Stored data entries:
# # #

Lemma mean_mix : mean (mix l f g) = (1 - l) * mean f + l * mean g.
Proof.
  apply is_series_unique; refine (is_series_ext _ _ _ _
      (is_series_lincomb (1 - l) l _ _ _ _ (is_series_mean f Hf) (is_series_mean g Hg))).
  intro n; cbn; unfold mix; ring.
Qed.
End Mixture.

Lemma beat_mix l f g i : beat (mix l f g) i = (1 - l) * beat f i + l * beat g i.
Proof. unfold beat, mix; rewrite below_linear; field. Qed.

(* [unif2 s k] is uniform on the [k] points [s, s + 2, ..., s + 2(k - 1)]. *)
Definition unif2 (s k : nat) (n : nat) : R :=
  if andb (andb (Nat.leb s n) (Nat.even (n - s))) (Nat.ltb n (s + 2 * k)) then / INR k else 0.

Lemma offset_cases s n : (n < s)%nat \/ exists j, n = (s + 2 * j)%nat \/ n = (s + 2 * j + 1)%nat.
Proof.
  destruct (Nat.lt_ge_cases n s) as [Hlt|Hge]; [now left | right].
  destruct (Nat.Even_or_Odd (n - s)) as [[j Hj]|[j Hj]]; exists j; lia.
Qed.

Section Uniform.
Variables (s k : nat).
Hypothesis Hk : (1 <= k)%nat.

Let Hk_pos : 0 < INR k.
Proof. apply lt_0_INR; lia. Qed.

Lemma unif2_on j : (j < k)%nat -> unif2 s k (s + 2 * j) = / INR k.
Proof.
  intro Hj; unfold unif2; replace (s + 2 * j - s)%nat with (2 * j)%nat by lia.
  rewrite Nat.even_mul, (proj2 (Nat.leb_le _ _)), (proj2 (Nat.ltb_lt _ _)) by lia.
  reflexivity.
Qed.

Lemma unif2_outside n : (n < s \/ s + 2 * k <= n)%nat -> unif2 s k n = 0.
Proof.
  intro Hn; unfold unif2.
  destruct (Nat.leb_spec s n), (Nat.ltb_spec n (s + 2 * k));
    rewrite ?Bool.andb_false_r; reflexivity || lia.
Qed.

Lemma unif2_gap j : unif2 s k (s + 2 * j + 1) = 0.
Proof.
  unfold unif2; replace (s + 2 * j + 1 - s)%nat with (S (2 * j)) by lia.
  now rewrite Nat.even_succ, Nat.odd_mul, Bool.andb_false_r.
Qed.

Lemma unif2_nonneg n : 0 <= unif2 s k n.
Proof. unfold unif2; destruct (andb _ _); [apply Rlt_le, Rinv_0_lt_compat |]; lra. Qed.

Lemma below_unif2 j : (j <= k)%nat ->
  below (unif2 s k) (s + 2 * j) = INR j / INR k /\
  below (fun n => INR n * unif2 s k n) (s + 2 * j) = INR j * (INR s + INR j - 1) / INR k.
Proof.
  induction j as [|j IH]; intro Hj.
  - rewrite Nat.add_0_r; simpl.
    split; rewrite below_vanishing; try field; try lra;
      intros i Hi; rewrite unif2_outside by lia; ring.
  - replace (s + 2 * S j)%nat with (S (S (s + 2 * j))) by lia; rewrite !below_S.
    destruct (IH ltac:(lia)) as [IHmass IHmean]; rewrite IHmass, IHmean.
    replace (S (s + 2 * j)) with (s + 2 * j + 1)%nat by lia.
    rewrite unif2_on, unif2_gap by lia.
    rewrite !S_INR, plus_INR, mult_INR; simpl; split; field; lra.
Qed.

Lemma unif2_strategy : is_strategy (unif2 s k).
Proof.
  assert (Hfin : forall n, (s + 2 * k <= n)%nat -> unif2 s k n = 0)
    by (intros n Hn; apply unif2_outside; lia).
  split; [|split].
  - exact unif2_nonneg.
  - replace 1 with (below (unif2 s k) (s + 2 * k))
      by (rewrite (proj1 (below_unif2 k (le_n k))); field; lra).
    apply is_series_finite, Hfin.
  - eexists; apply (is_series_finite _ (s + 2 * k)); intros n Hn; rewrite Hfin by lia; ring.
Qed.

Lemma mean_unif2 : mean (unif2 s k) = INR s + INR k - 1.
Proof.
  apply is_series_unique.
  replace (INR s + INR k - 1) with (below (fun n => INR n * unif2 s k n) (s + 2 * k))
    by (rewrite (proj2 (below_unif2 k (le_n k))); field; lra).
  apply is_series_finite; intros n Hn; rewrite unif2_outside by lia; ring.
Qed.

(* Beyond the support, the bound [(i + 1 - s) / 2k] exceeds every probability. *)
Lemma beat_unif2_lt i : (s + 2 * k <= i)%nat ->
  beat (unif2 s k) i < (INR i + 1 - INR s) / (2 * INR k).
Proof.
  intro Hi; pose proof (beat_bounds _ i unif2_strategy).
  apply le_INR in Hi; rewrite plus_INR, mult_INR in Hi; simpl in Hi.
  assert (1 < (INR i + 1 - INR s) / (2 * INR k)); [|lra].
  apply Rmult_lt_reg_r with (2 * INR k); [lra|].
  unfold Rdiv; rewrite Rmult_assoc, Rinv_l; lra.
Qed.

Lemma beat_unif2_le i : (s <= S i)%nat ->
  beat (unif2 s k) i <= (INR i + 1 - INR s) / (2 * INR k).
Proof.
  intro Hs; unfold beat.
  destruct (offset_cases s i) as [Hi|[j [->| ->]]].
  - rewrite below_vanishing by (intros n Hn; apply unif2_outside; lia).
    rewrite unif2_outside by lia; replace s with (S i) by lia.
    rewrite S_INR; apply Req_le; field; lra.
  - destruct (Nat.lt_ge_cases j k) as [Hj|Hj];
      [| apply Rlt_le, beat_unif2_lt; lia].
    rewrite (proj1 (below_unif2 j ltac:(lia))), unif2_on by lia.
    rewrite plus_INR, mult_INR; apply Req_le; simpl; field; lra.
  - destruct (Nat.lt_ge_cases j k) as [Hj|Hj];
      [| apply Rlt_le, beat_unif2_lt; lia].
    rewrite Nat.add_1_r, below_S, (proj1 (below_unif2 j ltac:(lia))), unif2_on by lia.
    rewrite <- Nat.add_1_r, unif2_gap, !plus_INR, mult_INR.
    apply Req_le; simpl; field; lra.
Qed.
End Uniform.

Lemma UE_unif2 m : UE m = unif2 0 (S m).
Proof.
  apply functional_extensionality; intro n; unfold UE, unif2.
  rewrite Nat.add_1_r, Nat.sub_0_r, Nat.add_0_l, Bool.andb_true_l.
  destruct (Nat.even n) eqn:Hev; [|reflexivity].
  apply Nat.even_spec in Hev; destruct Hev as [j ->]; rewrite !Bool.andb_true_l.
  destruct (Nat.leb_spec (2 * j) (2 * m)), (Nat.ltb_spec (2 * j) (2 * S m));
    reflexivity || lia.
Qed.

(* The two test strategies.  [odd_bids m al] mixes the uniform distributions on the odd
   numbers [< 2m] and [<= 2m + 1]; it has mean [m + al], and a bid of [i] beats it with
   probability at most [i odd_rate / 2], strictly so beyond [2m].  [even_bids m b] is the
   strategy of the theorem; it has mean [b], and bids beat it at most at an affine rate. *)

Definition odd_rate (m : nat) (al : R) : R := (1 - al) / INR m + al / (INR m + 1).
Definition odd_bids (m : nat) (al : R) : nat -> R := mix al (unif2 1 m) (unif2 1 (S m)).
Definition even_bids (m : nat) (b : R) : nat -> R := mix (b / INR m) (delta 0) (UE m).

Section OddBids.
Variables (m : nat) (al : R).
Hypotheses (Hm : (1 <= m)%nat) (Hal : 0 < al < 1).

Let Hm_pos : 1 <= INR m.
Proof. apply (le_INR 1); lia. Qed.

Lemma odd_bids_strategy : is_strategy (odd_bids m al).
Proof. apply mix_strategy; [lra | apply unif2_strategy | apply unif2_strategy]; lia. Qed.

Lemma mean_odd_bids : mean (odd_bids m al) = INR m + al.
Proof.
  unfold odd_bids; rewrite mean_mix, !mean_unif2 by first [lra | lia | apply unif2_strategy; lia].
  rewrite (S_INR m); simpl INR; ring.
Qed.

Let odd_rate_split i : INR i * odd_rate m al / 2 =
  (1 - al) * ((INR i + 1 - 1) / (2 * INR m)) + al * ((INR i + 1 - 1) / (2 * (INR m + 1))).
Proof. unfold odd_rate; field; lra. Qed.

Lemma beat_odd_bids i : beat (odd_bids m al) i <= INR i * odd_rate m al / 2.
Proof.
  unfold odd_bids; rewrite beat_mix.
  pose proof (beat_unif2_le 1 m Hm i ltac:(lia)) as Hlow.
  pose proof (beat_unif2_le 1 (S m) ltac:(lia) i ltac:(lia)) as Hhigh.
  rewrite (S_INR m) in Hhigh; simpl INR in *.
  rewrite odd_rate_split.
  apply Rplus_le_compat; apply Rmult_le_compat_l; lra.
Qed.

Lemma beat_odd_bids_lt i : (2 * m < i)%nat -> beat (odd_bids m al) i < INR i * odd_rate m al / 2.
Proof.
  intro Hi; unfold odd_bids; rewrite beat_mix.
  pose proof (beat_unif2_lt 1 m Hm i ltac:(lia)) as Hlow.
  pose proof (beat_unif2_le 1 (S m) ltac:(lia) i ltac:(lia)) as Hhigh.
  rewrite (S_INR m) in Hhigh; simpl INR in *.
  rewrite odd_rate_split.
  apply Rplus_lt_le_compat; [apply Rmult_lt_compat_l | apply Rmult_le_compat_l]; lra.
Qed.

Lemma odd_bids_pos j : (j <= m)%nat -> 0 < odd_bids m al (2 * j + 1).
Proof.
  intro Hj; unfold odd_bids, mix.
  replace (2 * j + 1)%nat with (1 + 2 * j)%nat by lia.
  rewrite (unif2_on 1 (S m)) by lia.
  pose proof (unif2_nonneg 1 m Hm (1 + 2 * j)).
  assert (0 < / INR (S m)) by (apply Rinv_0_lt_compat, lt_0_INR; lia).
  nra.
Qed.

End OddBids.

Section EvenBids.
Variables (m : nat) (b : R).
Hypotheses (Hm : (1 <= m)%nat) (Hb : 0 < b <= INR m).

Let Hm_pos : 1 <= INR m.
Proof. apply (le_INR 1); lia. Qed.

Let weight_bounds : 0 <= b / INR m <= 1.
Proof.
  split; [apply Rdiv_le_0_compat; lra|].
  apply Rmult_le_reg_r with (INR m); [lra|].
  unfold Rdiv; rewrite Rmult_assoc, Rinv_l; lra.
Qed.

Lemma even_bids_strategy : is_strategy (even_bids m b).
Proof.
  apply mix_strategy; [exact weight_bounds | apply delta_strategy |].
  rewrite UE_unif2; apply unif2_strategy; lia.
Qed.

Lemma mean_even_bids : mean (even_bids m b) = b.
Proof.
  unfold even_bids; rewrite UE_unif2, mean_mix, mean_unif2
    by first [lia | exact weight_bounds | apply delta_strategy | apply unif2_strategy; lia].
  rewrite mean_delta.
  rewrite (S_INR m); simpl INR; field; lra.
Qed.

# # #

Problem = Please copy only the lines from the one with "intro Hj; unfold odd_bids, mix." through the final line of the records above, both ends included.

Response box =
  intro Hj; unfold odd_bids, mix.
  replace (2 * j + 1)%nat with (1 + 2 * j)%nat by lia.
  rewrite (unif2_on 1 (S m)) by lia.
  pose proof (unif2_nonneg 1 m Hm (1 + 2 * j)).
  assert (0 < / INR (S m)) by (apply Rinv_0_lt_compat, lt_0_INR; lia).
  nra.
Qed.

End OddBids.

Section EvenBids.
Variables (m : nat) (b : R).
Hypotheses (Hm : (1 <= m)%nat) (Hb : 0 < b <= INR m).

Let Hm_pos : 1 <= INR m.
Proof. apply (le_INR 1); lia. Qed.

Let weight_bounds : 0 <= b / INR m <= 1.
Proof.
  split; [apply Rdiv_le_0_compat; lra|].
  apply Rmult_le_reg_r with (INR m); [lra|].
  unfold Rdiv; rewrite Rmult_assoc, Rinv_l; lra.
Qed.

Lemma even_bids_strategy : is_strategy (even_bids m b).
Proof.
  apply mix_strategy; [exact weight_bounds | apply delta_strategy |].
  rewrite UE_unif2; apply unif2_strategy; lia.
Qed.

Lemma mean_even_bids : mean (even_bids m b) = b.
Proof.
  unfold even_bids; rewrite UE_unif2, mean_mix, mean_unif2
    by first [lia | exact weight_bounds | apply delta_strategy | apply unif2_strategy; lia].
  rewrite mean_delta.
  rewrite (S_INR m); simpl INR; field; lra.
Qed.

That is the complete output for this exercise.